Content starts
(* Let $I\subset\mathbb{R}$ be an interval and let $f,g:I\to\mathbb{R}$ be nowhere-vanishing $C^2$ functions, $\beta\in C^1(I,\mathbb{R})$, and $H_1,H_2:I\to\mathbb{R}$ continuous. Put $$a(t)=\frac{1}{4f}\Big(4\beta^2+2\dot\beta+2\beta\frac{\dot f}{f}-4\beta\frac{\dot g}{g}+(\ln|f|)_{tt}+g\Big(\frac1g\Big)_{tt}-(\ln|f|)_t(\ln|g|)_t\Big)$$ and $h(x,t)=a(t)x^2+H_1(t)x+H_2(t)+i\beta(t)$. Let $\epsilon,\epsilon_1\in\{1,-1\}$ with $\epsilon\, g(t)/f(t)>0$ on $I$, and let $T_1>0$, $T_2,\xi_0,\xi_1,\theta_0\in\mathbb{R}$. Choose differentiable functions on $I$ with $\dot B=2\beta$, $\dot P=\frac{g^2}{f}e^{-2B}$, $\dot{\mathcal I}=\frac{f}{g}e^{B}H_1$, $\dot J=\frac{g^2}{f}e^{-2B}\mathcal I$, $\dot L=\frac{g^2}{f}e^{-2B}\mathcal I^2$, $\dot M=H_2$, and define $$T(t)=T_1P(t)+T_2,\qquad X(x,t)=\epsilon_1\sqrt{T_1}\,\frac{g}{f}e^{-B}x-2\epsilon_1\sqrt{T_1}\,J+\xi_0T_1P+\xi_1,$$ $$R(t)=e^{-B}\Big(\epsilon T_1\frac{g}{f}\Big)^{1/2},$$ $$\theta(x,t)=\frac{1}{4f}\Big(2\beta+\frac{\dot f}{f}-\frac{\dot g}{g}\Big)x^2+\frac{g}{f}e^{-B}\Big(\mathcal I-\frac{\epsilon_1\xi_0\sqrt{T_1}}{2}\Big)x-L-\frac{\xi_0^2T_1}{4}P+\epsilon_1\xi_0\sqrt{T_1}\,J+M+\theta_0 .$$ If $\tilde\psi(\tilde x,\tilde t)$ is a solution (continuously differentiable in $\tilde t$, twice continuously differentiable in $\tilde x$) of $$i\tilde\psi_{\tilde t}+\tilde\psi_{\tilde x\tilde x}+\epsilon|\tilde\psi|^2\tilde\psi=0$$ on a domain containing $\{(X(x,t),T(t)):x\in\mathbb{R},t\in I\}$, then $$\psi(x,t)=R(t)\,e^{i\theta(x,t)}\,\tilde\psi\big(X(x,t),T(t)\big)$$ is a solution on $\mathbb{R}\times I$ of $$i\psi_t+f(t)\psi_{xx}+g(t)|\psi|^2\psi+h(x,t)\psi=0 .$$
   Context: Here $\dot{}$ denotes $d/dt$. The functions $B,P,\mathcal I,J,L,M$ are any antiderivatives satisfying the stated differential relations (with $\mathcal I$ computed from the chosen $B$, $J,L$ from the chosen $B,\mathcal I$). *)

From Stdlib Require Import Reals.
From Coquelicot Require Import Coquelicot.
Open Scope R_scope.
Content ends
What the exercise asks: Would you please copy the lines above, from the one holding "From Coquelicot Require Import Coquelicot." through the last, and nothing else?

Task solution:
From Coquelicot Require Import Coquelicot.
Open Scope R_scope.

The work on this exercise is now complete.